▶ **SOURCE MATERIAL**:
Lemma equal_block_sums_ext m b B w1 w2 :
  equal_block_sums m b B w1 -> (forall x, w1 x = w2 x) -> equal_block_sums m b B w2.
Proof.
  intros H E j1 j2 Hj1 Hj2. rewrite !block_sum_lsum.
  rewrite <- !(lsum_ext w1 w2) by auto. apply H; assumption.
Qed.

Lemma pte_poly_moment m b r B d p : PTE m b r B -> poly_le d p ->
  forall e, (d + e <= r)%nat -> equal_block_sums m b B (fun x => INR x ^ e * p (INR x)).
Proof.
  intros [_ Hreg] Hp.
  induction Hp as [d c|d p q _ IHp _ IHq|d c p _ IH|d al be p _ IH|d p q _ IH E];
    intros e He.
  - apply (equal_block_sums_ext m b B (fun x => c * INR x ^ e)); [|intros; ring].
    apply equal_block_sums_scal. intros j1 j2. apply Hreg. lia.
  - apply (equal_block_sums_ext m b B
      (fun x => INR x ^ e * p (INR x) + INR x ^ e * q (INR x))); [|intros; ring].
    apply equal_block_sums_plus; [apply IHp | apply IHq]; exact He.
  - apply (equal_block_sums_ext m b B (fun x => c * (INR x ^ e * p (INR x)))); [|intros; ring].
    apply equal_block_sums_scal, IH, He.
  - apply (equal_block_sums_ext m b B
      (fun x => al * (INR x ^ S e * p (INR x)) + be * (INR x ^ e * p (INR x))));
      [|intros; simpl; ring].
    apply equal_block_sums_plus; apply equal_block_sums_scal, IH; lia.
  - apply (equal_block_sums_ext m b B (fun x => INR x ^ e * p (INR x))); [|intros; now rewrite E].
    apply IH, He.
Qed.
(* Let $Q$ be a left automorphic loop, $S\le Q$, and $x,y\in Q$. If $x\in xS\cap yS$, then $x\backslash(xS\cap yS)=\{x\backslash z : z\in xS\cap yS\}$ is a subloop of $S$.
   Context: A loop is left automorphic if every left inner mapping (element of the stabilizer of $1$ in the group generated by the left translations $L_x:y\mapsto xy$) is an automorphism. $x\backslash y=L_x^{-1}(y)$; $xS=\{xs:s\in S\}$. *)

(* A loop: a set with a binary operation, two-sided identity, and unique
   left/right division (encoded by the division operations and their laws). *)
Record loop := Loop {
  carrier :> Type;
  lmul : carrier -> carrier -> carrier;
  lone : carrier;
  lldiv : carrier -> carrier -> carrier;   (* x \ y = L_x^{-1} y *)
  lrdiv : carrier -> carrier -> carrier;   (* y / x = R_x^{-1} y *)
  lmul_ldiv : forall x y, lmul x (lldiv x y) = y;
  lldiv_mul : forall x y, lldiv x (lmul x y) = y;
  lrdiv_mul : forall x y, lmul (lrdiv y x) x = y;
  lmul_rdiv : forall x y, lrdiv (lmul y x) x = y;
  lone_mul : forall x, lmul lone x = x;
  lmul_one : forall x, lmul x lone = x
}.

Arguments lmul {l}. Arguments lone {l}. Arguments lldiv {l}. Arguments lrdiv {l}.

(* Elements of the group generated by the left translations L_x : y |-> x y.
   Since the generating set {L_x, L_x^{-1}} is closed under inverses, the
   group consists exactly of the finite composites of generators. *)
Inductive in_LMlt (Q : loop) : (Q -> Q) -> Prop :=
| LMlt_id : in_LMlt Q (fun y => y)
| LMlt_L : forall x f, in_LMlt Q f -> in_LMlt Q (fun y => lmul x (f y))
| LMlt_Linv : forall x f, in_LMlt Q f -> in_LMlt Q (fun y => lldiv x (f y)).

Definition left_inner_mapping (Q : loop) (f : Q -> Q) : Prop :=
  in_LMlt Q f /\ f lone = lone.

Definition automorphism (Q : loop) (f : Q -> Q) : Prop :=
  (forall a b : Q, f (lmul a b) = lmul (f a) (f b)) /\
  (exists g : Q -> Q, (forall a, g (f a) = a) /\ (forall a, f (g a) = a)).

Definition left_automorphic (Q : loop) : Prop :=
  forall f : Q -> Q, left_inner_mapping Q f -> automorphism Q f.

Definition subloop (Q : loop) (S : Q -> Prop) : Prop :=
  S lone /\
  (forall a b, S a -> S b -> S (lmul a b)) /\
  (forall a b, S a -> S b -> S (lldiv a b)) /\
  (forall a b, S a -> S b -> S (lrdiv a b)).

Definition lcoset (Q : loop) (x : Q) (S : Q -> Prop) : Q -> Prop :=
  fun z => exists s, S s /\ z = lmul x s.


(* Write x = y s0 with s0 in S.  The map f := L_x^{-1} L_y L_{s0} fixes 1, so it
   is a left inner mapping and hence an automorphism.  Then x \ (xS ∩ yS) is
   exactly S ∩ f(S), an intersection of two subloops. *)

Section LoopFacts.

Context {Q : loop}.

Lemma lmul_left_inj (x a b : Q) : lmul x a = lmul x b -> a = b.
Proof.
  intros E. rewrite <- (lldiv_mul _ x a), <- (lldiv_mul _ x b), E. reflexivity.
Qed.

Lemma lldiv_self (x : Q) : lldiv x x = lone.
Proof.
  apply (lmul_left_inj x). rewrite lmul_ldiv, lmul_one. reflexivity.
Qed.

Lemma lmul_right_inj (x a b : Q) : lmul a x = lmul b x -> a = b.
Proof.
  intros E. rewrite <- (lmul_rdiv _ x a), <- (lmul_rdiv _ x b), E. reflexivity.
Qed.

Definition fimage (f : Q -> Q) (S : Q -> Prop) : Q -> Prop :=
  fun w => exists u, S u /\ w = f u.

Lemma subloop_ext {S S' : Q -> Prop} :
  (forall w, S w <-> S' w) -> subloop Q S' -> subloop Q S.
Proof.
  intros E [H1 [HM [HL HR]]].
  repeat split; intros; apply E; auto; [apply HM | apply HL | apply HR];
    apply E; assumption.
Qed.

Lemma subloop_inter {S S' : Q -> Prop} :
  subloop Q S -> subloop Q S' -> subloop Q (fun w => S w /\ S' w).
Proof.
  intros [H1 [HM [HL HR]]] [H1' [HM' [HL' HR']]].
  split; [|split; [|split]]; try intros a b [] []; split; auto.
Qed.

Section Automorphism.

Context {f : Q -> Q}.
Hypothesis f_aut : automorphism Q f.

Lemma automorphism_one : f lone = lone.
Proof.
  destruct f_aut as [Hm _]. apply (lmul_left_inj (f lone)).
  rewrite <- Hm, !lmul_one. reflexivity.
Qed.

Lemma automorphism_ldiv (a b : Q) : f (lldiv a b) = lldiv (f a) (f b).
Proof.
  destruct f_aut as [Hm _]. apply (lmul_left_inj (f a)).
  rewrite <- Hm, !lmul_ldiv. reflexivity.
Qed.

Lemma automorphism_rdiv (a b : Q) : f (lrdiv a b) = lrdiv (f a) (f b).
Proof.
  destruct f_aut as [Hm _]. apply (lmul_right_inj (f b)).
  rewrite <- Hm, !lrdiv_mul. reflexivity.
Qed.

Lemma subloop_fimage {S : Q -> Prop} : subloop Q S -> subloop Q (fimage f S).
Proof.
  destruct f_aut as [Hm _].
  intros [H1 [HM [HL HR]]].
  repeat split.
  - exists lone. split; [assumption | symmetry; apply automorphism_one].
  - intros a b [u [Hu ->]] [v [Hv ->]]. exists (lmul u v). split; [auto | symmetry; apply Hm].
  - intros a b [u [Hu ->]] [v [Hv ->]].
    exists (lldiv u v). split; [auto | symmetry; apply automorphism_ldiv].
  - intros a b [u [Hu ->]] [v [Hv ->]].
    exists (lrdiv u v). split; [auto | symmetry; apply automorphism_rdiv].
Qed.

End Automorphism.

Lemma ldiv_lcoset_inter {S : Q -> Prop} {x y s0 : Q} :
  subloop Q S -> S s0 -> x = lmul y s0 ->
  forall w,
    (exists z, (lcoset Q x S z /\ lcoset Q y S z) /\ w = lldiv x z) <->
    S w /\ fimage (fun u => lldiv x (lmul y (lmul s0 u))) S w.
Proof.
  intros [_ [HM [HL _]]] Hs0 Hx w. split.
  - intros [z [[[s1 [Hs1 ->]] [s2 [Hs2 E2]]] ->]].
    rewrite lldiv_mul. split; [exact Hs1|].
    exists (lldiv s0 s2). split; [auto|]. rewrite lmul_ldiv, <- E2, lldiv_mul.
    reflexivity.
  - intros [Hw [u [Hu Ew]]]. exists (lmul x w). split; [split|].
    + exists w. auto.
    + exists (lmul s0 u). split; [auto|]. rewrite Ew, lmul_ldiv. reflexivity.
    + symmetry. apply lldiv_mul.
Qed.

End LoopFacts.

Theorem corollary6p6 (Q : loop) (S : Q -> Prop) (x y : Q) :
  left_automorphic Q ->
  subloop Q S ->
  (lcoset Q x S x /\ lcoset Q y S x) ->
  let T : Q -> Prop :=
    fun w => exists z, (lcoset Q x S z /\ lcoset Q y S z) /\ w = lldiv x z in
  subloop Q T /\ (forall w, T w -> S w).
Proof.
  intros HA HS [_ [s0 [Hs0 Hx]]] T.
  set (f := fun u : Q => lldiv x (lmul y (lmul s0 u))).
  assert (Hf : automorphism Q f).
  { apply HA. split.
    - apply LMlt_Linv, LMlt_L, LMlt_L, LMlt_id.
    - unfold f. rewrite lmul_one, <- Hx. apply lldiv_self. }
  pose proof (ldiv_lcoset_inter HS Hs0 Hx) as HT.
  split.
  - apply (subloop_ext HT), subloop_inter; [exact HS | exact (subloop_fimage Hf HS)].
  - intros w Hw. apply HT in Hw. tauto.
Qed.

▶ **WHAT TO WORK ON**: Only the lines from the one containing "- intros [z" through the end of the records above belong in the output, each exactly as it stands, both ends included.

▶ **TASK RESULT**:
  - intros [z [[[s1 [Hs1 ->]] [s2 [Hs2 E2]]] ->]].
    rewrite lldiv_mul. split; [exact Hs1|].
    exists (lldiv s0 s2). split; [auto|]. rewrite lmul_ldiv, <- E2, lldiv_mul.
    reflexivity.
  - intros [Hw [u [Hu Ew]]]. exists (lmul x w). split; [split|].
    + exists w. auto.
    + exists (lmul s0 u). split; [auto|]. rewrite Ew, lmul_ldiv. reflexivity.
    + symmetry. apply lldiv_mul.
Qed.

End LoopFacts.

Theorem corollary6p6 (Q : loop) (S : Q -> Prop) (x y : Q) :
  left_automorphic Q ->
  subloop Q S ->
  (lcoset Q x S x /\ lcoset Q y S x) ->
  let T : Q -> Prop :=
    fun w => exists z, (lcoset Q x S z /\ lcoset Q y S z) /\ w = lldiv x z in
  subloop Q T /\ (forall w, T w -> S w).
Proof.
  intros HA HS [_ [s0 [Hs0 Hx]]] T.
  set (f := fun u : Q => lldiv x (lmul y (lmul s0 u))).
  assert (Hf : automorphism Q f).
  { apply HA. split.
    - apply LMlt_Linv, LMlt_L, LMlt_L, LMlt_id.
    - unfold f. rewrite lmul_one, <- Hx. apply lldiv_self. }
  pose proof (ldiv_lcoset_inter HS Hs0 Hx) as HT.
  split.
  - apply (subloop_ext HT), subloop_inter; [exact HS | exact (subloop_fimage Hf HS)].
  - intros w Hw. apply HT in Hw. tauto.
Qed.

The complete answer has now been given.